When it comes time to decide how to split your estate, you can be “fair” or “equal.” Sometimes fair is equal, but maybe not. Sometimes equal is also fair.

We have an expression in estate planning: “What’s fair is hardly ever equal, and what’s equal is hardly ever fair.”

Think about it. How does this apply to your family? If daughter is going to take care of mother, so daughter gets the house, is that still fair when mother anticipated that the care would last 10 years but she died after just three months? Does the daughter get 90 percent of the estate when she only helped her mother for a couple of months?

Clients tell me they just want to be fair, and I always ask them to not use that term because I don’t know what it means. I tell them the idea of “fair” only exists in their minds, and everyone else generally has a different idea of what’s “fair” in the family.

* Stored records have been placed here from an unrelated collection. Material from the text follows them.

Lemma survivalS t x : survival t.+1 x =
  if x == ones l then 0 else \sum_w mu p w * survival t (badd x w).
Proof.
rewrite /survival sum_tupleS.
have first_step w (ws : t.-tuple (bits l)) :
    [forall k : 'I_t.+2, walkpos x [tuple of w :: ws] k != ones l] =
    (x != ones l) && [forall k : 'I_t.+1, walkpos (badd x w) ws k != ones l].
  exact: (forall_ordS t.+1 (fun k => walkpos x [tuple of w :: ws] k != ones l)).
case: eqP => [x1 | /eqP x_neq1].
  by rewrite big1 // => w _; rewrite big1 // => ws _; rewrite first_step x1 eqxx mulr0.
apply: eq_bigr => w _; rewrite mulr_sumr; apply: eq_bigr => ws _.
by rewrite big_cons first_step x_neq1 mulrA.
Qed.

End Survival.

Lemma prob_T_gt_survival (R : fieldType) l (p : R) t :
  prob_T_gt l p t = (2 ^+ l)^-1 * \sum_(x : bits l) survival p t x.
Proof.
rewrite /prob_T_gt mulr_sumr; apply: eq_bigr => x _.
by rewrite /survival mulr_sumr; apply: eq_bigr => ws _; rewrite mulrA.
Qed.

Section Convergence.
Variables (R : realFieldType) (l : nat) (p : R).
Hypotheses (p_gt0 : 0 < p) (p_lt1 : p < 1).

(* Once [hit_time] is known to be the expected hitting time, this is E_x[(T - t)^+]. *)
Definition hit_time_excess t (x : bits l) : R :=
  hit_time p x - \sum_(0 <= s < t) survival p s x.

Lemma hit_time_excessS t x : hit_time_excess t.+1 x =
  if x == ones l then 0 else \sum_w mu p w * hit_time_excess t (badd x w).
Proof.
rewrite /hit_time_excess big_nat_recl // survival0.
case: eqP => [-> | /eqP x_neq1].
  by rewrite hit_time_ones big1 ?addr0 ?subrr // => s _; rewrite survivalS eqxx.
under eq_bigr do rewrite survivalS (negbTE x_neq1).
rewrite exchange_big /= (hit_time_step p_gt0 p_lt1 x_neq1) opprD addrACA subrr add0r.
by rewrite -sumrB; apply: eq_bigr => w _; rewrite mulrBr -mulr_sumr.
Qed.

Lemma hit_time_excess_ones t : hit_time_excess t (ones l) = 0.
Proof.
case: t => [|t]; last by rewrite hit_time_excessS eqxx.
by rewrite /hit_time_excess big_geq // hit_time_ones subrr.
Qed.

Lemma hit_time_excess_le t x : `|hit_time_excess t x| <=
  (\sum_(y : bits l) `|hit_time p y|) * (1 - (p * (1 - p)) ^+ l) ^+ t.
Proof.
elim: t x => [|t IH] x.
  rewrite /hit_time_excess big_geq // subr0 expr0 mulr1 (bigD1 x) //= lerDl.
  by apply: sumr_ge0 => y _; exact: normr_ge0.
rewrite hit_time_excessS; case: eqP => [_ | _].
  have /andP [q_ge0 _] := killed_rate_ge0_lt1 l p_gt0 p_lt1.
  by rewrite normr0 mulr_ge0 ?exprn_ge0 ?sumr_ge0.
by rewrite exprS mulrCA; apply: killed_step_le => //; exact: hit_time_excess_ones.
Qed.

Lemma partial_sum_prob_T_gt n : \sum_(0 <= t < n) prob_T_gt l p t =
  (2 ^+ l)^-1 * \sum_(x : bits l) hit_time p x -
  (2 ^+ l)^-1 * \sum_(x : bits l) hit_time_excess n x.
Proof.
under eq_bigr do rewrite prob_T_gt_survival.
rewrite -mulr_sumr -mulrBr exchange_big -sumrB /=; congr (_ * _).
by apply: eq_bigr => x _; rewrite /hit_time_excess opprB addrC subrK.
Qed.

I drove by a property recently and remembered when I’d been there a few years ago to meet with the owner. It was an interesting environment because the elder client was mobility impaired and trying to look after her long-term boyfriend who was a raging alcoholic generally known to rant and scream every afternoon as he started drinking.

The client had two daughters and about $4 million in assets. One daughter was to get $100,000, and the two sons of that daughter were to receive $50,000 each. The other daughter was to get the balance, which would be about $3.8 million. The client didn’t explain her reasoning, but she was very clear-minded, and she knew exactly what she wanted.

The daughter and her sons getting a total of only 5 percent wasn’t to be given the documents, but the daughter getting the other 95 percent was to have a copy sent to her. Rather than feeling grateful, the daughter getting the 95 percent called me four different times criticizing me for doing it all wrong and demanding that I change the documents because “it’s not right that my mother gives $50,000 to each of my sister’s sons and nothing to my sons.”

Really? “Yes,” she said, “my mother needs to give my sons $50,000 each or they’ll be upset. It just isn’t fair!”

With each of the first three calls from the irate daughter, I had to take a deep breath and consider whether this daughter understood basic math. When she called the fourth time to tell me that I had done it all wrong, I took the time to explain the math and explain her mother’s logic.

The sister getting the small share was getting $100,000, and her sons were getting a total of $100,000 for a grand total of $200,000 for that part of the family. The irate sister was getting a total of $3.8 million. The client was afraid that the daughter getting the small share might not share with her sons, so she gave each of those boys $50,000 directly. She thought that upon receiving $3.8 million in tax free inheritance, the irate daughter should be able to figure out on her own how to take care of her own two sons.

And then, like magic, the irate daughter never called again. I was dumbfounded by her rants about no money going directly to her sons, and it’s one of those cases I’ll long remember.